Monday 28 December 2020

True Shame vs. False Fame

Recently you all know that things have changed as I came out on PrisonWriters and my story was headlined.

I wrote my story with an anonymity and hoped to make an impact regarding predators in the US in reality (people with faces and personality) versus the stereotypes of strangers in masks and dark shadows. I used one of my many traumatic experiences to talk about my experience being victimised as an at-risk youth back in the 2000's.

What I was not expecting, but should have anticipated, was my actual offense to be correlated to the article and story I wrote. What I shared was intimate and a devastating event in my life.

I wound up pregnant at fourteen by a registered sex offender after a life of sexual abuse and expulsion from my school for being LGBTQ. I was homeless as a runaway and selling marijuana, then illegal, to make ends meet before I had a forced abortion and lost myself in a postpartum psychosis.

It has been hard, being famous for something I know was wrong, have held sincere remorse for, and always readily admitted but never defended. I have lived with the guilty verdict in my heart and always wished they had granted my request for the death penalty at sentencing. I always felt a life should be lost for a life and I do not deserve to be here.


Being a notorious murderer is not easy to handle psychologically. I feel ready to throw in the towel often as people come in and out of my life with seasons and scarce reasons though I survive on the donations that result. I feel violated once more, even now, and selfish for speaking on what happened to me when I am alive to bare the trauma and my mom doesn't have that option.

When you feel remorse, it is heavy and painful.
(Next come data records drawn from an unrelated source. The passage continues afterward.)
Lemma dist_weight_ge m k : (m <= k)%N -> ((/ 2) ^ k.-1 <= dist_weight (Some m))%R.
Proof.
case: m => [_ | m le_mk]; rewrite /dist_weight.
  have -> : powerRZ (/ 2) (Z.of_nat 0 - 1) = 2%R by rewrite /=; field.
  have := half_pow_le (leq0n k.-1); rewrite /=; lra.
have -> : (Z.of_nat m.+1 - 1)%Z = Z.of_nat m by lia.
by rewrite -pow_powerRZ; apply: half_pow_le; rewrite -ltnS prednK // (leq_trans _ le_mk).
Qed.

Lemma find_leq (T : Type) (a : pred T) (s : seq T) x0 i : a (nth x0 s i) -> (find a s <= i)%N.
Proof. by move=> ai; rewrite leqNgt; apply/negP => /(before_find x0); rewrite ai. Qed.

Section Weight.
Variables (T : finType) (e : rel T) (S : {set T}).

Lemma wGSE u : wGS e S u = \big[Rplus/0%R]_(v in S) dist_weight (distGS e S u v).
Proof. by []. Qed.

Lemma distGS_adm_path u q : adm_path e S u q ->
  exists2 m, (m <= size q)%N & distGS e S u (last u q) = Some m.
Proof.
move=> adm_q; pose k := find (has_adm_path e S u (last u q)) (iota 0 #|T|).
have lt_q : (size q < #|T|)%N.
  by case/and4P: adm_q => _ /card_uniqP /= <- _ _; apply: max_card.
have le_kq : (k <= size q)%N.
  apply: (find_leq (x0 := 0%N)); rewrite nth_iota // add0n.
  by apply/existsP; exists (in_tuple q); rewrite adm_q eqxx.
by exists k; rewrite // /distGS -/k (leq_ltn_trans le_kq lt_q).
Qed.

Lemma dist_weight_adm_path u q : adm_path e S u q ->
  ((/ 2) ^ (size q).-1 <= dist_weight (distGS e S u (last u q)))%R.
Proof. by case/distGS_adm_path => m le_mq ->; apply: dist_weight_ge. Qed.

Lemma wGS_ge1 u : u \in S -> (1 <= wGS e S u)%R.
Proof.
move=> uS; have adm0 : adm_path e S u [::] by rewrite /adm_path /= uS.
apply: Rle_trans (dist_weight_adm_path adm0) _.
rewrite wGSE (bigD1 u) //=.
suff : (0 <= \big[Rplus/0%R]_(v | (v \in S) && (v != u)) dist_weight (distGS e S u v))%R by lra.
by apply: sum_ge0 => v _; apply: dist_weight_ge0.
Qed.

End Weight.

Lemma INR_expn2 m : INR (2 ^ m) = (2 ^ m)%R.
Proof. by elim: m => [|m IH] //; rewrite expnS mult_INR IH /=; lra. Qed.

Lemma pow2_mul_half_pow k m : (2 ^ m * (/ 2) ^ (k + m) = (/ 2) ^ k)%R.
Proof.
rewrite pow_add Rmult_comm Rmult_assoc -Rpow_mult_distr Rinv_l; last lra.
by rewrite pow1 Rmult_1_r.
Qed.

Section Tree.
Variable n : nat.
Local Notation V := (treeV n.+1).
Local Notation leaf := ('I_3 * n.-tuple 'I_2)%type.
Local Notation root := (troot n.+1).
Local Notation adj := (@tadj n.+1).

Definition lcode (x : leaf) : seq nat := (x.1 : nat) :: map (@nat_of_ord 2) x.2.

Lemma size_lcode x : size (lcode x) = n.+1.
Proof. by rewrite /= size_map size_tuple. Qed.

Lemma lcode_inj : injective lcode.
Proof. by case=> [i t] [i' t'] [/val_inj -> /(inj_map val_inj)/val_inj ->]. Qed.

Lemma card_leaf : #|{: leaf}| = (3 * 2 ^ n)%N.
Proof. by rewrite card_prod card_tuple !card_ord. Qed.

(* [anc x j] is the ancestor at depth [j] of the leaf coded by [x]; it is
   meaningful only for [j <= n.+1], [inord] making it total. *)
Definition anc (x : leaf) (j : nat) : V :=
  if j is k.+1 then
    Some (x.1, Tagged (fun i : 'I_n.+1 => i.-tuple 'I_2)
                 (insubd (nseq_tuple (@inord n k) ord0) (take (@inord n k) x.2)))
  else root.

Lemma tcode_anc x j : (j <= n.+1)%N -> tcode (anc x j) = take j (lcode x).
Proof.
case: j => [//|k] /= le_kn.
by rewrite val_insubd inordK // size_takel ?size_tuple // eqxx map_take.
Qed.

Lemma size_tcode_anc x j : (j <= n.+1)%N -> size (tcode (anc x j)) = j.
Proof. by move=> le_jn; rewrite tcode_anc // size_takel // size_lcode. Qed.

Lemma tadj_anc x j : (j <= n)%N -> tadj (anc x j) (anc x j.+1).
Proof.
move=> le_jn; have le_jn1 := leqW le_jn.
apply/orP; left; rewrite /tchild !tcode_anc // !size_takel ?size_lcode //.
by rewrite take_takel ?leqnSn // !eqxx.
Qed.

Definition branch (x : leaf) : seq V := [seq anc x j | j <- iota 1 n.+1].

Lemma size_branch x : size (branch x) = n.+1.
Proof. by rewrite size_map size_iota. Qed.

Lemma nth_branch x v i : (i <= n)%N -> nth v (branch x) i = anc x i.+1.
Proof. by move=> le_in; rewrite (nth_map 0%N) ?size_iota // nth_iota. Qed.

Lemma path_branch x : path adj root (branch x).
Proof.
apply/(pathP root) => i; rewrite size_branch ltnS => le_in.
rewrite nth_branch //; case: i le_in => [|i] le_in; first exact: tadj_anc.
by rewrite /= nth_branch ?(ltnW le_in) //; apply: tadj_anc.
Qed.

Lemma uniq_root_branch x : uniq (root :: branch x).
Proof.
have -> : root :: branch x = [seq anc x j | j <- iota 0 n.+2] by [].
apply: (map_uniq (f := fun v => size (tcode v))); rewrite -map_comp.
have -> : [seq size (tcode (anc x j)) | j <- iota 0 n.+2] = iota 0 n.+2.
  rewrite -[RHS]map_id; apply/eq_in_map => j; rewrite mem_iota add0n.
  by case/andP=> _; apply: size_tcode_anc.
exact: iota_uniq.
Qed.

Lemma card_anc_eq x k : (k <= n)%N ->
  (#|[pred y | anc y k.+1 == anc x k.+1]| <= 2 ^ (n - k))%N.
Proof.
move=> le_kn.
have take_lcode y : anc y k.+1 = anc x k.+1 -> take k.+1 (lcode y) = take k.+1 (lcode x).
  by move=> e; rewrite -!tcode_anc // e.
have inj_drop :
    {in [pred y | anc y k.+1 == anc x k.+1] &, injective (fun y => drop_tuple k y.2)}.
  move=> y z /eqP/take_lcode ey /eqP/take_lcode ez /(congr1 val) /= dyz.
  apply: lcode_inj; rewrite -(cat_take_drop k.+1 (lcode y)) -(cat_take_drop k.+1 (lcode z)).
  by rewrite ey ez /= -!map_drop dyz.
rewrite -(card_in_imset inj_drop); apply: leq_trans (max_card _) _.
by rewrite card_tuple card_ord.
Qed.

Section FirstHit.
Variable S : {set V}.

Definition hits x := has [in S] (branch x).
Definition first_hit x := find [in S] (branch x).
Definition hit_vertex x := anc x (first_hit x).+1.

Lemma first_hit_le x : hits x -> (first_hit x <= n)%N.
Proof. by rewrite /hits has_find size_branch. Qed.

Lemma hit_vertex_in x : hits x -> hit_vertex x \in S.
Proof.
by move=> hx; rewrite /hit_vertex -(nth_branch x root) ?first_hit_le //; apply: nth_find.
Qed.

Lemma take_first_hit x : hits x ->
  take (first_hit x).+1 (branch x) = rcons (take (first_hit x) (branch x)) (hit_vertex x).
Proof.
move=> hx; have le_hn := first_hit_le hx.
by rewrite (take_nth root) ?size_branch ?ltnS // nth_branch.
Qed.

Lemma adm_path_first_hit x : root \notin S -> hits x ->
  adm_path adj S root (take (first_hit x).+1 (branch x)).
Proof.
move=> rootS hx; apply/and4P; split.
- exact/take_path/path_branch.
- exact: (take_uniq (first_hit x).+2 (uniq_root_branch x)).
- rewrite take_first_hit //; case: (take _ _) => [|v s] /=; rewrite ?last_rcons;
    by rewrite (negbTE rootS) hit_vertex_in.
- rewrite take_first_hit // belast_rcons /=.
  have := has_take (first_hit x) hx; rewrite ltnn => /negbT /hasPn notS.
  by apply/allP => v /notS.
Qed.

Lemma weight_hit_vertex x : root \notin S -> hits x ->
  ((/ 2) ^ first_hit x <= dist_weight (distGS adj S root (hit_vertex x)))%R.
Proof.
move=> rootS hx; have := dist_weight_adm_path (adm_path_first_hit rootS hx).
rewrite take_first_hit // size_rcons last_rcons size_takel // size_branch.
by rewrite ltnW // ltnS first_hit_le.
Qed.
It keeps you from sleeping, it affects your breathing, it gnaws at your bones and visions come back no matter how much time has passed. Now, add a media scandal and the constant conjecture around it that biases and slants take- that all can kill you. I have died three times in my time from stress- related events.


I love my writing. I want my work recognized. But maybe my idea to be me, to tell my story honestly, was just as hare-brained as my juvenile stunts.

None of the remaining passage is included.